The difference between the maximum observed and the maximum occurred earthquake magnitude is also considered as a seismic indicator (refer to figure 9 and 9). The maximum observed event is listed in the catalog, while maximum expected event is obtained using the equation

M_{\text{expected}}=\frac{a}{b},

(10)

where $a$ is the $y$ -intercept in the inverse power law obtained from 4.

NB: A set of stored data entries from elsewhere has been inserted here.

Inductive is_Tp (p : nat) : nat -> nat -> rtree -> Prop :=
| Tp_odd a l : odd l -> is_Tp p a l (RNode [::])
| Tp_nonsq a l : ~~ odd l -> ~ (exists z, z ^ 2 = a %[mod p]) ->
    is_Tp p a l (RNode [::])
| Tp_sq a l z1 z2 (ts1 ts2 : seq rtree) :
    ~~ odd l -> 0 < l ->
    0 < z1 < p -> 0 < z2 < p -> z1 != z2 ->
    z1 ^ 2 = a %[mod p] -> z2 ^ 2 = a %[mod p] ->
    size ts1 = p ^ (l./2) -> size ts2 = p ^ (l./2) ->
    (forall t, List.In t ts1 -> is_Tp p z1 (l./2) t) ->
    (forall t, List.In t ts2 -> is_Tp p z2 (l./2) t) ->
    is_Tp p a l (RNode (ts1 ++ ts2)).

From mathcomp Require Import all_boot zify.

Set Implicit Arguments.
Unset Strict Implicit.
Unset Printing Implicit Defensive.

(* Every multiple of [p] reaches [0] after [k] squarings, and a functional graph
   in which every vertex reaches a fixed root is a grounded tree: an edge always
   leads to a vertex closer to the root, so a deepest vertex of a cycle would be
   the tail of two distinct cycle edges.

   For the in-trees, a square root [c] of [x = xt * p ^ l] (with [p] not dividing
   [xt]) has the form [y * p ^ (l / 2)] with [l] even and [y ^ 2 = xt] mod
   [p ^ (k - l)]. For odd [p], the two roots [z], [p - z] of [xt] mod [p] lift
   uniquely mod [p ^ (k - l)], and each lift [s] accounts for the [p ^ (l / 2)]
   square roots [y * p ^ (l / 2)] with [y = s] mod [p ^ (k - l)]. Each of those
   has valuation [l / 2 < l] and unit part [= z] (resp. [p - z]) mod [p], which
   is the recursion defining [T_p]. *)

Section FunctionalGraphTree.

Variables (vs : seq nat) (f : nat -> nat) (r : nat).
Hypothesis f_closed : forall x, x \in vs -> f x \in vs.
Hypothesis reaches_root : forall x, x \in vs -> exists j, iter j f x = r.

Lemma ujoinsC e u v : ujoins f e u v = ujoins f e v u.
Proof. by rewrite /ujoins orbC. Qed.

Lemma uadjC u v : uadj vs f r u v = uadj vs f r v u.
Proof. by apply: eq_has => e; rewrite ujoinsC. Qed.

Definition ulinked u v := exists s, path (uadj vs f r) u s /\ last u s = v.

Lemma ulinked_sym u v : ulinked u v -> ulinked v u.
Proof.
move=> [s [us <-]]; exists (rev (belast u s)); split.
  by rewrite rev_path; apply: sub_path us => a b; rewrite uadjC.
by case: s {us} => //= a s; rewrite rev_cons last_rcons.
Qed.

Lemma ulinked_trans u v w : ulinked u v -> ulinked v w -> ulinked u w.
Proof.
move=> [s [us <-]] [t [vt <-]]; exists (s ++ t).
by rewrite cat_path us vt last_cat.
Qed.

Lemma ulinked_root u : u \in vs -> ulinked u r.
Proof.
move=> /[dup] /reaches_root [j]; elim: j u => [|j IH] u; first by move=> <-; exists [::].
have [-> _ _|ur] := eqVneq u r; first by exists [::].
rewrite iterSr => /IH fu_r uvs; have [s [fu_s <-]] := fu_r (f_closed uvs).
exists (f u :: s); rewrite /= fu_s andbT; split => //.
by apply/hasP; exists u; rewrite // ur /ujoins !eqxx.
Qed.

Lemma uconnected_of_reach : uconnected vs f r.
Proof.
move=> u v uvs vvs.
exact: ulinked_trans (ulinked_root uvs) (ulinked_sym (ulinked_root vvs)).
Qed.

(* Outside [vs] the predicate holds trivially, so that [depth] is total. *)
Lemma reach_root_ex x : exists j, (x \notin vs) || (iter j f x == r).
Proof.
case: (boolP (x \in vs)) => [/reaches_root [j xj]|]; last by exists 0.
by exists j; rewrite xj eqxx orbT.
Qed.

Definition depth x := ex_minn (reach_root_ex x).

Lemma depthS e : e \in vs -> e != r -> depth e = (depth (f e)).+1.
Proof.
move=> evs er; have fevs := f_closed evs; rewrite /depth.
case: ex_minnP => a; rewrite evs /= => /eqP ea a_min.
case: ex_minnP => b; rewrite fevs /= => /eqP eb b_min.
case: a ea a_min => [/= e_r|a ea a_min]; first by rewrite e_r eqxx in er.
have := b_min a; rewrite -iterSr ea eqxx => /(_ isT).
have := a_min b.+1; rewrite iterSr eb eqxx => /(_ isT); lia.
Qed.

Lemma edge_tail_deeper e a b : e \in vs -> e != r -> ujoins f e a b ->
  a \in vs -> depth b <= depth a -> e = a.
Proof.
move=> evs er /orP [/andP [/eqP -> _] //|/andP [/eqP eb /eqP fe]] avs.
by subst b; rewrite depthS // fe; lia.
Qed.

Lemma no_ucycle : ~ has_ucycle vs f r.
Proof.
move=> [cv [ce [cv_gt0 size_ce [_ uniq_ce] /andP [cv_vs ce_vs] joins]]].
set m := size cv in cv_gt0 size_ce joins.
have cvP i : i < m -> nth 0 cv i \in vs by move=> im; apply: (allP cv_vs); exact: mem_nth.
have ceP i : i < m -> (nth 0 ce i \in vs) && (nth 0 ce i != r).
  by move=> im; apply: (allP ce_vs); rewrite mem_nth ?size_ce.
pose j : 'I_m := [arg max_(i > Ordinal cv_gt0) depth (nth 0 cv i)].
have j_max i : i < m -> depth (nth 0 cv i) <= depth (nth 0 cv j).
  by move=> im; rewrite /j; case: arg_maxnP => // i0 _ i0_max; exact: (i0_max (Ordinal im)).
have tail i b : i < m -> b < m ->
    ujoins f (nth 0 ce i) (nth 0 cv j) (nth 0 cv b) -> nth 0 ce i = nth 0 cv j.
  move=> im bm jb; have /andP [evs er] := ceP i im.
  by apply: edge_tail_deeper (j_max _ bm) => //; apply: cvP.
pose i := (j + m).-1 %% m.
have im : i < m by rewrite ltn_mod.
have ij : i.+1 %% m = j.
  rewrite /i -addn1 modnDml addn1 prednK; last lia.
  by rewrite modnDr modn_small.
have e_j := tail j _ (ltn_ord j) (ltn_pmod _ cv_gt0) (joins j (ltn_ord j)).
have e_i : nth 0 ce i = nth 0 cv j.
  by apply: (tail i i) => //; rewrite ujoinsC -{1}ij; exact: joins.
have i_j : i = j by apply/eqP; rewrite -(nth_uniq 0 _ _ uniq_ce) ?size_ce // e_i e_j.
have jj : j.+1 %% m = j by rewrite -{1}i_j.
move: (joins j (ltn_ord j)); rewrite jj e_j /ujoins orbb => /andP [_ /eqP fj].
have /andP [evs er] := ceP j (ltn_ord j); rewrite e_j in evs er.
by have := depthS evs er; rewrite fj; lia.
Qed.

Lemma grounded_treeP :
  uniq vs -> r \in vs -> f r = r -> grounded_tree vs f r.
Proof.
by move=> *; split=> //; split; [exact: uconnected_of_reach|exact: no_ucycle].
Qed.

End FunctionalGraphTree.

Lemma count_iota_modn d r n :
  r < d -> count (fun z => z %% d == r) (iota 0 (d * n)) = n.
Proof.
move=> rd; elim: n => [|n IH]; first by rewrite muln0.
rewrite mulnS addnC iotaD count_cat IH add0n -{1}(addn0 (d * n)) iotaDl count_map.
rewrite (eq_in_count (a2 := pred1 r)); last first.
  by move=> z; rewrite mem_iota /= => zd; rewrite mulnC modnMDl modn_small.
by rewrite count_uniq_mem ?iota_uniq // mem_iota rd addn1.
Qed.

Lemma sqr_mul_pexp_modn p k z m : 0 < p -> m.*2 <= k ->
  (z * p ^ m) ^ 2 %% p ^ k = (z ^ 2 %% p ^ (k - m.*2)) * p ^ m.*2.
Proof. by move=> p_gt0 mk; rewrite muln_modl -?expnD ?subnK ?expnMn -?expnM ?muln2. Qed.

Lemma dvdn_lt0 d n : d %| n -> n < d -> n = 0.
Proof. by move=> /dvdnP [[|q] ->] //; rewrite mulSn; lia. Qed.

Lemma dvdn_lt_double d n : d %| n -> 0 < n < d.*2 -> n = d.
Proof. by move=> /dvdnP [[|[|q]] ->] /=; rewrite ?mul1n //; lia. Qed.

Lemma sqr_subn_modn p z : z <= p -> (p - z) ^ 2 = z ^ 2 %[mod p].
Proof.
move=> zp; have E : (2 * z) * p + (p - z) ^ 2 = p * p + z ^ 2 by nia.
by rewrite -(modnMDl (2 * z)) E modnMDl.
Qed.

Section PrimePowers.

Variable p : nat.
Hypothesis p_pr : prime p.

Lemma coprime_gt0 w : coprime w p -> 0 < w.
Proof. by case: w => //; rewrite /coprime gcd0n => /eqP p1; move: p_pr; rewrite p1. Qed.

Lemma coprime_lt w : 0 < w < p -> coprime w p.
Proof.
move=> /andP [w_gt0 wp]; rewrite coprime_sym prime_coprime //.
by apply/negP => /dvdn_lt0 /(_ wp) w0; rewrite w0 in w_gt0.
Qed.

Lemma coprime_modn_pexp w e : 0 < e -> coprime w p -> coprime (w %% p ^ e) p.
Proof.
move=> e_gt0; rewrite ![coprime _ p]coprime_sym !prime_coprime // /dvdn.
by rewrite modn_dvdm ?dvdn_exp.
Qed.

Lemma logn_mul_pexp w j : coprime w p -> logn p (w * p ^ j) = j.
Proof.
move=> wp; rewrite lognM ?(coprime_gt0 wp) ?expn_gt0 ?prime_gt0 //.
by rewrite pfactorK // logn_coprime // coprime_sym.
Qed.

Lemma sqrt_modn_pexp k l xt c : l < k -> coprime xt p ->
  c ^ 2 %% p ^ k = xt * p ^ l ->
  exists2 z, coprime z p &
    [/\ ~~ odd l, c = z * p ^ l./2 & z ^ 2 %% p ^ (k - l) = xt].
Proof.
move=> lk xtp csq; have p_gt0 := prime_gt0 p_pr.
have x_gt0 : 0 < xt * p ^ l by rewrite muln_gt0 coprime_gt0 ?expn_gt0 ?p_gt0.
have c_gt0 : 0 < c by case: c csq => //; rewrite exp0n // mod0n => x0; rewrite -x0 in x_gt0.
have [z zp c_eq] := pfactor_coprime p_pr c_gt0; rewrite coprime_sym in zp.
set m := logn p c in c_eq.
have mk : m.*2 < k.
  rewrite ltnNge; apply/negP => km.
  have : p ^ k %| c ^ 2 by rewrite c_eq expnMn -expnM dvdn_mull // dvdn_exp2l // muln2.
  by rewrite /dvdn csq => /eqP x0; rewrite x0 in x_gt0.
rewrite c_eq sqr_mul_pexp_modn // 1?ltnW // in csq.
have /(congr1 (logn p)) := csq; rewrite !logn_mul_pexp //; last first.
  by rewrite coprime_modn_pexp ?subn_gt0 // coprime_pexpl.
move=> ml; exists z => //; rewrite c_eq -ml doubleK odd_double; split=> //.
have pm_gt0 : 0 < p ^ m.*2 by rewrite expn_gt0 p_gt0.
by apply/eqP; rewrite -(eqn_pmul2r pm_gt0) csq ml.
Qed.

Lemma sqr_eq_modp z w : 0 < z < p -> w < p -> w ^ 2 = z ^ 2 %[mod p] ->
  w = z \/ w = p - z.
Proof.
move=> /andP [z_gt0 zp] wp.
wlog zw : w z z_gt0 zp wp / z <= w.
  move=> gen wz; have [/gen|wz_lt] := leqP z w; first exact.
  have [w_gt0|] := ltnP 0 w; first by case: (gen z w) => //; lia.
  rewrite leqn0 => /eqP w0; move: wz; rewrite w0 exp0n // mod0n => /esym/eqP.
  rewrite -/(dvdn p _) Euclid_dvdX // andbT => /dvdn_lt0 z0.
  by have := z0 zp; lia.
move/eqP; rewrite eqn_mod_dvd ?leq_exp2r // subn_sqr Euclid_dvdM //.
case/orP => [/dvdn_lt0 | /dvdn_lt_double]; lia.
Qed.

Hypothesis p_odd : odd p.

(* As [p] is odd and prime to [z], it does not divide [z + w = 2 z (mod p)];
   hence [p ^ e] divides [z - w] in [z ^ 2 - w ^ 2 = (z - w) (z + w)]. *)
Lemma sqr_inj_modn_pexp e z w : coprime z p ->
  z = w %[mod p] -> z ^ 2 = w ^ 2 %[mod p ^ e] -> z = w %[mod p ^ e].
Proof.
wlog wz : z w / w <= z.
  move=> gen zp zw zw2; have [wz|zw_lt] := leqP w z; first exact: gen.
  have wp : coprime w p by rewrite -coprime_modl -zw coprime_modl.
  by apply/esym; apply: gen; rewrite 1?ltnW.
move=> zp zw /eqP; rewrite eqn_mod_dvd ?leq_exp2r // subn_sqr => dvd_e.
apply/eqP; rewrite eqn_mod_dvd //; move: dvd_e; rewrite Gauss_dvdl //.
apply: coprimeXl; rewrite prime_coprime //; apply/negP => p_zw.
have : p %| z * 2.
  by move: p_zw; rewrite /dvdn -modnDm -zw modnDm addnn -mul2n mulnC.
rewrite Euclid_dvdM // => /orP [p_z|p_2].
  by move: zp; rewrite coprime_sym prime_coprime // p_z.
have := dvdn_leq (isT : 0 < 2) p_2; have := prime_gt1 p_pr.
by case: p p_pr p_odd {zp zw p_zw p_2} => [|[|[|]]].
Qed.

Figure 8: Expected Magnitude of the Assam-Guwahati region calculated as per the respective

a

and

b

values

Figure 9: Expected Magnitude of the California region calculated as per the respective

a

and

b

values

3.6 Maximum magnitude in last seven days

The maximum magnitude recorded in the days previous to $E_{t}$ is also considered as an important seismic parameter ((Wang, 2015); (Alarifi et al., 2012)) and is represented as

x_{6i}=\max(M_{i}),\text{where }t\in[-7,0).

(11)

3.7 Total recurrence time

It is also known as probabilistic recurrence time ( $T_{r}$ ) and is defined as the time between two earthquakes of magnitude greater than or equal to $M^{\prime}$ and is calculated using 12. This parameter is another interpretation of Gutenberg-Richter’s law. As evident from the statement of inverse law, there will be different value of $T_{r}$ for every different value of $M^{\prime}$ , which would increase with increasing magnitude.

T_{r}=\frac{T}{10^{a-bM^{\prime}}}.

(12)

Available literature does not focus on which value of $M^{\prime}$ to be selected in such a scenario therefore $T_{r}$ is calculated for every $M^{\prime}$ from $4.0$ to $6.0$ magnitudes following the principle of retaining maximum available information. So for two sets of $a$ and $b$ values along with varying $M^{\prime}$ adds $42$ seismic features to the dataset.

3.8 Probability of earthquake occurrence

The probability of earthquake occurrence of magnitude greater than or equal to $6.0$ is also taken as an important seismic feature. It is represented by $x_{7i}$ and calculated through 13. The inclusion of this feature supports the inclusion of Gutenberg-Richter law in an indirect way. The value of $x_{7i}$ is dependent upon the corresponding $b$ value:

x_{7i}=e^{\frac{-3b_{i}}{\log e}}.

(13)

Therefore, $b_{\text{lsq}}$ and $b_{\text{mlk}}$ are separately used to calculate $x_{7}i$ , thus giving two different values for this seismic feature.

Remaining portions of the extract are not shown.